Mostrando entradas con la etiqueta educar. Mostrar todas las entradas
Mostrando entradas con la etiqueta educar. Mostrar todas las entradas

25/7/09

OJOS DE COLOR ATARDECER:



Hoy empecé a escribir, y no tenis muy claro sobre que hablar.
El informe de INE y sus malos datos sobre el paro, los terribles incendios que estamos sufriendo por toda la geografía, con la perdida de vidas humanas incluidas, o muchos otros asuntos de los que llenar mil líneas.
Pero no, hoy me propuse hablaros sobre un tesoro que tengo en mi casa.


A MI HIJO:

He mirado en la profundidad de tus ojos,
aguas tranquilas que reposan,
he visto su belleza heredada,
que siempre me recordaran a los que un dia decidieron quererme.

Tu pupila como la luna,
suspendida en una nube de color ámbar,
su tonalidad varia, según incida la luz,
calidoscopio de miel.

He visto la inocencia, salteada de lágrimas amontonadas,
que se deslizan por un torrente, cuando te hemos reñido,
no hace falta tener telepatía, para con solo mirarte,
comprenderte y sentir tu amor inmaculado.
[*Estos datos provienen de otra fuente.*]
Lemma gamma_ratio_slope_cvg (u : nat -> R) (b : R) (m : nat) :
  (forall k, 0 < u k < 1) -> is_lim_seq u 0 ->
  is_lim_seq (fun k => (gamma_ratio 0 (u k) - 1) / u k) b ->
  is_lim_seq (fun k => (gamma_ratio m (u k) - 1) / u k) (b + harmonic m).
Proof.
  intros u_bounds u_cvg Hb.
  induction m as [| m IH]; simpl harmonic; [now rewrite Rplus_0_r |].
  pose proof (pos_INR m).
  assert (denominator_cvg : is_lim_seq (fun k => INR m + 1 - u k) (INR m + 1 - 0))
    by (apply is_lim_seq_minus'; [apply is_lim_seq_const | exact u_cvg]).
  apply is_lim_seq_ext with (fun k => (INR m + 1) / (INR m + 1 - u k)
                                      * ((gamma_ratio m (u k) - 1) / u k)
                                      + 1 / (INR m + 1 - u k)).
  - intros k; specialize (u_bounds k); rewrite gamma_ratio_succ by lra; field; lra.
  - replace (b + (harmonic m + / (INR m + 1)))
      with ((INR m + 1) / (INR m + 1 - 0) * (b + harmonic m) + 1 / (INR m + 1 - 0))
      by (field; lra).
    apply is_lim_seq_plus'; [apply is_lim_seq_mult'; [| exact IH] |];
      (apply is_lim_seq_div'; [apply is_lim_seq_const | exact denominator_cvg | lra]).
Qed.

(* [Lim f 0] samples [f] at [0 + / (n + 1)]; dropping [n = 0], where the
   denominator would be [Gamma 0], leaves the points [nu k] in (0, 1). *)
Definition nu (k : nat) : R := / (INR k + 2).
(* packed node (slot, pivot) under a parent, with its (at most two) children;
   [None] as left child / SPPF node denotes the dummy node $ *)
Record packed := Packed
  { pParent : snode; pSlot : slot; pPivot : V;
    pLeft : option snode; pRight : snode }.

Inductive gss := GRoot | GNode of slot & V.

(* descriptor labels: the initial label (code for the start nonterminal S)
   or a grammar slot *)
Inductive label := LStart | LSlot of slot.

Record desc := Desc { dL : label; dU : gss; dI : V; dW : option snode }.

(* case in which getNodeP(X -> alpha . beta, w, z) simply returns z *)
Definition gnp_skip (L : slot) : Prop :=
  aft L <> [::] /\
  ((exists a, bef L = [:: inr a]) \/
   (exists A, bef L = [:: inl A] /\ ~ nullable_seq [:: inl A])).

Definition gnp_node (L : slot) (w : option snode) (z : snode) : snode :=
  let k := (ext z).1 in
  let i := (ext z).2 in
  let j := match w with Some w' => (ext w').1 | None => k end in
  match aft L with
  | [::] => SNT j (lhs L) i
  | _ => SInt j L i
  end.

Definition gnp_packed (L : slot) (w : option snode) (z : snode) : packed :=
  Packed (gnp_node L w z) L (ext z).1 w z.

Definition gnp_res (L : slot) (w : option snode) (z : snode) (y : snode) : Prop :=
  (gnp_skip L /\ y = z) \/ (~ gnp_skip L /\ y = gnp_node L w z).

Record state := State {
  sR  : desc -> Prop;
  sU  : desc -> Prop;
  sP  : (gss * snode)%type -> Prop;
  sGN : gss -> Prop;
  sGE : (gss * option snode * gss)%type -> Prop;     (* GSS edges (v, label w, u) *)
  sSN : snode -> Prop;
  sSP : packed -> Prop
}.

(* elementary effects of processing one descriptor *)
Inductive effect :=
| EDesc of desc
| EPop of (gss * snode)%type
| EGN of gss
| EGE of (gss * option snode * gss)%type
| ESN of snode
| ESP of packed.

Definition gnp_eff (L : slot) (w : option snode) (z : snode) (e : effect) : Prop :=
  ~ gnp_skip L /\ (e = ESN (gnp_node L w z) \/ e = ESP (gnp_packed L w z)).

(* the SPPF node z popped at slot X -> alpha . (at vertex i, current node w);
   for alpha = eps it is getNodeP(X -> ., w, (i,eps,i)) *)
Definition pop_node (X : Nt) (alp : seq sym) (i : V) (w : option snode)
  (z : snode) : Prop :=
  (alp = [::] /\ gnp_res (Slot X [::] [::]) w (SEps i) z) \/
  (alp <> [::] /\ w = Some z).

Inductive emits (s : state) : desc -> effect -> Prop :=
| em_start u i w gam a j :
    (i, a, j) \in E -> ll_entry (start G) a gam ->
    emits s (Desc LStart u i w) (EDesc (Desc (LSlot (Slot (start G) [::] gam)) u i None))
| em_term_node X alp a bet u i w j :
    (i, a, j) \in E ->
    emits s (Desc (LSlot (Slot X alp (inr a :: bet))) u i w) (ESN (STerm i a j))
| em_term_gnp X alp a bet u i w j e :
    (i, a, j) \in E ->
    gnp_eff (Slot X (rcons alp (inr a)) bet) w (STerm i a j) e ->
    emits s (Desc (LSlot (Slot X alp (inr a :: bet))) u i w) e
| em_term_desc X alp a bet u i w j y :
    (i, a, j) \in E ->
    gnp_res (Slot X (rcons alp (inr a)) bet) w (STerm i a j) y ->
    emits s (Desc (LSlot (Slot X alp (inr a :: bet))) u i w)
      (EDesc (Desc (LSlot (Slot X (rcons alp (inr a)) bet)) u j (Some y)))
| em_nt_gn X alp A bet u i w :
    emits s (Desc (LSlot (Slot X alp (inl A :: bet))) u i w)
      (EGN (GNode (Slot X (rcons alp (inl A)) bet) i))
| em_nt_ge X alp A bet u i w :
    emits s (Desc (LSlot (Slot X alp (inl A :: bet))) u i w)
      (EGE (GNode (Slot X (rcons alp (inl A)) bet) i, w, u))
| em_nt_pgnp X alp A bet u i w z e :
    sP s (GNode (Slot X (rcons alp (inl A)) bet) i, z) ->
    gnp_eff (Slot X (rcons alp (inl A)) bet) w z e ->
    emits s (Desc (LSlot (Slot X alp (inl A :: bet))) u i w) e
| em_nt_pdesc X alp A bet u i w z y :
    sP s (GNode (Slot X (rcons alp (inl A)) bet) i, z) ->
    gnp_res (Slot X (rcons alp (inl A)) bet) w z y ->
    emits s (Desc (LSlot (Slot X alp (inl A :: bet))) u i w)
      (EDesc (Desc (LSlot (Slot X (rcons alp (inl A)) bet)) u (ext z).2 (Some y)))
| em_nt_call X alp A bet u i w gam a j :
    (i, a, j) \in E -> ll_entry A a gam ->
    emits s (Desc (LSlot (Slot X alp (inl A :: bet))) u i w)
      (EDesc (Desc (LSlot (Slot A [::] gam))
                   (GNode (Slot X (rcons alp (inl A)) bet) i) i None))
| em_eps_node X u i w :
    emits s (Desc (LSlot (Slot X [::] [::])) u i w) (ESN (SEps i))
| em_eps_gnp X u i w e :
    gnp_eff (Slot X [::] [::]) w (SEps i) e ->
    emits s (Desc (LSlot (Slot X [::] [::])) u i w) e
| em_pop_P X alp Lu j i w z :
    pop_node X alp i w z ->
    emits s (Desc (LSlot (Slot X alp [::])) (GNode Lu j) i w) (EPop (GNode Lu j, z))
| em_pop_gnp X alp Lu j i w z w' v e :
    pop_node X alp i w z ->
    sGE s (GNode Lu j, w', v) ->
    gnp_eff Lu w' z e ->
    emits s (Desc (LSlot (Slot X alp [::])) (GNode Lu j) i w) e
| em_pop_desc X alp Lu j i w z w' v y :
    pop_node X alp i w z ->
    sGE s (GNode Lu j, w', v) ->
    gnp_res Lu w' z y ->
    emits s (Desc (LSlot (Slot X alp [::])) (GNode Lu j) i w)
      (EDesc (Desc (LSlot Lu) v i (Some y))).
Son tus ojos mi faro amigo,
que me guían, en este mar de desasosiego,
victimas de nosotros mismos,
huérfanos de la palabra, amado
grial de los hombres felices.

Sálvame del orgullo y de la ira,
abrázame, haciéndome sentir apenas un hombre,
bien querido, digno heredero de tu futuro.

Pensaba ser tu guía,
y hoy me doy cuenta de que apenas sabia,
hacia donde me dirigía.

Héctor, es nombre de reyes,
pero no hace falta brindar en copas de oro,
para saberte el hombre mas afortunado,
yo contigo ya lo he sido.



Pedrulo Maturulo.

Mi hijo tiene solo dos años, y de momento no podrá leerlo ni entenderlo, para el esto son garabatos, pero he querido reflejar con unas pocas palabras, todo lo que puedo ver en esos ojos de color atardecer.

5/6/09

PADRES SIN DERECHO A TENER HIJOS:

Desde que nació mi hijo, no he vuelto a ser el mismo, antes pensaba que podía ser una roca, indiferente a las miserias ajenas o las injusticias.

Ayer estaba trabajando, cuando paso una señora muy peripuesta con un crío de unos 5 años, al principio no me fije mucho en ellos, pero si me sorprendió la lejanía con la que la buena señora caminaba de su hijo.

Entro a una de las muchas tiendas de la galería comercial en la que trabajo y el niño se quedo sentado en una especie de cartel iluminado, vestía bien con unas gafas de esas que ponen ahora a los niños de estética moderna.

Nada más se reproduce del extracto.